In conclusion, this study examined the topsoil variations of soil aggregate stability (SAS) indices in the Lapuee plains of Shiraz, Iran. Due to the time-consuming and expensive nature of experimental and laboratory methods for measuring SAS indices (MWD and GMD), this study aimed to predict these over the given area. The results showed that scenario S1, which incorporated topographic attributes (CNBL, WB, VD, Diff, and SH), remote sensing (RS) indices (NRVI, Green, DVI, SAVI, and TVI), and soil covariates (BD, PL, SL, LL, and PI), resulted in better accuracy (Table 4). We see that some of the topographic attributes emerged as the most influential factors in explaining the spatial variation of SAS indices, followed by soil covariates. Our results confirmed that the topographic covariates, by controlling the state of soil water, the dynamics of mineralization of plant litter, erosion, and deposition, can be used to predict soil properties even in low-relief areas. The performance of the two MLAs was evaluated based on their prediction accuracy and associated uncertainty. Both algorithms demonstrated acceptable performance, but the RF algorithm slightly outperformed the k-NN algorithm, showing higher accuracy and lower uncertainty as indicated by the model validation statistics used.
The high-resolution maps of SAS indices generated in the Lapuee plain in Southwestern Iran are important for understanding the soil’s ability to resist erosion, maintain fertility, and support agricultural productivity. By assessing SAS, researchers, and land managers can identify areas at risk of degradation, especially in the northern and southern parts of the study area, implement targeted conservation practices, and make appropriate and scientific-based managerial decisions to sustain soil health and productivity. This knowledge is crucial for developing effective soil management strategies and most importantly for preserving soils.

Supplementary Materials

The following supporting information can be downloaded at: https://www.mdpi.com/article/10.3390/rs16224304/s1, Table S1. Description of selected topography and remote sensing indices. Figure S1. Scatter plot for a) MWD and b) GMD based on best model (RF) and best scenario (S1). Figure S2. Map of Environmental variables. Figure S3. Map of soil variables.

Author Contributions

Conceptualization, P.K. and A.A.M.; methodology, P.K. and A.A.M.; software, P.K.; validation, P.K. and S.R.M.; formal analysis, P.K. and N.M.K.; resources, A.A.M. and M.B.; data curation, P.K.; writing—P.K.; writing—review and editing A.A.M., T.S., M.B., S.R.M. and N.M.K.; visualization, S.R.M.; supervision, A.A.M. and T.S.; project administration, A.A.M. and T.S. All authors have read and agreed to the published version of the manuscript.

Funding

This study was supported by “Shiraz University, and the Faculty of Agriculture”. Shiraz University: 99GCB1M148056.

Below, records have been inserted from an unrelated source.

(* Let $k\ge1$, $n\ge0$, let $m_1,\dots,m_k$ be nonnegative integers and $t_1,\dots,t_{k-1}$ nonnegative integers. There is a bijection between the set of $k$-marked Durfee symbols $\eta$ of $n$ with $\rho_i(\eta)=m_i$ for $1\le i\le k$ and $\mathrm{nb}_i(\eta)=t_i$ for $1\le i\le k-1$, and the set of $k$-marked strict shifted Durfee symbols $\bar\eta$ of $n$ with $\rho_i(\bar\eta)=m_i+2t_i$ for $1\le i\le k-1$ and $\rho_k(\bar\eta)=m_k$.
   Context: A partition is a finite nonincreasing sequence $\lambda=(\lambda_1,\dots,\lambda_r)$ of positive integers (possibly empty); $l(\lambda)=r$, $|\lambda|=\sum\lambda_i$, $\lambda_1$ the largest part. Let $k\ge1$. A $k$-marked Durfee symbol of $n$ is an array $\eta=\begin{pmatrix}\alpha^k,&\dots,&\alpha^1\\ \beta^k,&\dots,&\beta^1\end{pmatrix}_D$ consisting of an integer $D\ge0$ and $2k$ partitions $\alpha^i,\beta^i$ with $\sum_{i=1}^k(|\alpha^i|+|\beta^i|)+D^2=n$, such that: (1) $\alpha^i$ is nonempty for $1\le i<k$; (2) for $1\le i<k$ every part of $\beta^i$ is $\le\alpha^i_1$, and for $2\le i\le k$ every part of $\alpha^i$ and every part of $\beta^i$ is $\ge\alpha^{i-1}_1$; (3) all parts of $\alpha^k$ and $\beta^k$ are $\le D$. The pair $(\alpha^i,\beta^i)$ is the $i$th vector. The $i$th rank is $\rho_i(\eta)=l(\alpha^i)-l(\beta^i)-1$ for $1\le i<k$ and $\rho_k(\eta)=l(\alpha^k)-l(\beta^k)$. A pair of partitions $(\alpha,\beta)$ is strict shifted if $l(\alpha)>l(\beta)$ and $\alpha_{i+1}>\beta_i$ for $1\le i\le l(\beta)$. A $k$-marked Durfee symbol is strict shifted if each of its vectors $(\alpha^i,\beta^i)$ with $1\le i\le k-1$ is strict shifted. Balanced parts: for a pair of partitions $(\gamma,\delta)$, with the convention $\gamma_j=0$ for $j>l(\gamma)$, the parts $\delta_1,\dots,\delta_{l(\delta)}$ are classified recursively in increasing order of index: $\delta_i$ is balanced iff $\gamma_{i+1}\le\delta_i$ and the number of indices $j$ with $2\le j\le l(\gamma)$ and $\gamma_j>\delta_i$ equals the number of indices $j<i$ for which $\delta_j$ is unbalanced. $b(\gamma,\delta)$ is the number of balanced parts. The $i$th balanced number of a $k$-marked Durfee symbol $\eta$ is $\mathrm{nb}_i(\eta)=b(\alpha^i,\beta^i)$ for $1\le i<k$ and $\mathrm{nb}_k(\eta)=0$. *)

From mathcomp Require Import all_boot all_order all_algebra.
Set Implicit Arguments. Unset Strict Implicit. Unset Printing Implicit Defensive.
Import GRing.Theory Num.Theory.

(* Parts are 1-based in the paper: lambda_i = nth 0 lambda (i-1);
   nth 0 returns 0 beyond the length (the paper's convention gamma_j = 0). *)
Definition is_partition (l : seq nat) : bool :=
  all (fun x => 0 < x) l && sorted geq l.

Definition lpart (l : seq nat) : nat := head 0 l.

(* A (candidate) k-marked Durfee symbol: the integer D and the list of
   vectors [:: (alpha^1,beta^1); ...; (alpha^k,beta^k)]. *)
Record dsymb := DSymb { ds_D : nat; ds_vec : seq (seq nat * seq nat) }.

(* 1-based access to the i-th vector *)
Definition alpha (e : dsymb) (i : nat) : seq nat :=
  (nth ([::], [::]) (ds_vec e) i.-1).1.
Definition beta (e : dsymb) (i : nat) : seq nat :=
  (nth ([::], [::]) (ds_vec e) i.-1).2.

Definition ds_weight (e : dsymb) : nat :=
  sumn [seq sumn v.1 + sumn v.2 | v <- ds_vec e] + ds_D e ^ 2.

Definition is_kmds (k n : nat) (e : dsymb) : Prop :=
  size (ds_vec e) = k /\
  (forall i, 1 <= i <= k -> is_partition (alpha e i) /\ is_partition (beta e i)) /\
  ds_weight e = n /\
  (forall i, 1 <= i < k -> alpha e i != [::]) /\
  (forall i, 1 <= i < k -> all (fun x => x <= lpart (alpha e i)) (beta e i)) /\
  (forall i, 2 <= i <= k ->
     all (fun x => lpart (alpha e i.-1) <= x) (alpha e i) /\
     all (fun x => lpart (alpha e i.-1) <= x) (beta e i)) /\
  (all (fun x => x <= ds_D e) (alpha e k) /\ all (fun x => x <= ds_D e) (beta e k)).

Definition rank (k : nat) (e : dsymb) (i : nat) : int :=
  if i < k then ((size (alpha e i))%:Z - (size (beta e i))%:Z - 1)%R
  else ((size (alpha e i))%:Z - (size (beta e i))%:Z)%R.

Definition strict_shifted (a b : seq nat) : Prop :=
  size b < size a /\ (forall i, i < size b -> nth 0 b i < nth 0 a i.+1).

Definition is_strict_shifted_kmds (k n : nat) (e : dsymb) : Prop :=
  is_kmds k n e /\ (forall i, 1 <= i < k -> strict_shifted (alpha e i) (beta e i)).

(* balanced parts of (g, d): scanning d_1, d_2, ... in order; [i] is the
   1-based index of the current part x = d_i (so g_{i+1} = nth 0 g i),
   [u] is the number of unbalanced parts d_j, j < i, found so far.
   count over [behead g] counts the indices 2 <= j <= l(g) with g_j > x. *)
Fixpoint bal_aux (g d : seq nat) (i u : nat) : nat :=
  match d with
  | [::] => 0
  | x :: d' =>
      if (nth 0 g i <= x) && (count (fun y => x < y) (behead g) == u)
      then (bal_aux g d' i.+1 u).+1
      else bal_aux g d' i.+1 u.+1
  end.

Definition balanced (g d : seq nat) : nat := bal_aux g d 1 0.

Definition nb (k : nat) (e : dsymb) (i : nat) : nat :=
  if i < k then balanced (alpha e i) (beta e i) else 0.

Data Availability Statement

Data are available upon reasonable email request to the corresponding author. The data are not publicly available due to ethical reasons.

Acknowledgments

The authors express their deep gratitude to Shiraz University for providing the financial support necessary to conduct this research. They also sincerely thank the editor and reviewers involved in the publication process. NMK was funded by the Deutsche Forschungsgemeinschaft (DFG, German Research Foundation) under Germany’s Excellence Strategy—EXC number 2064/1—Project number 390727645.

Conflicts of Interest

The remaining authors declare that the research was conducted without any commercial or financial relationships that could be construed as potential conflicts of interest.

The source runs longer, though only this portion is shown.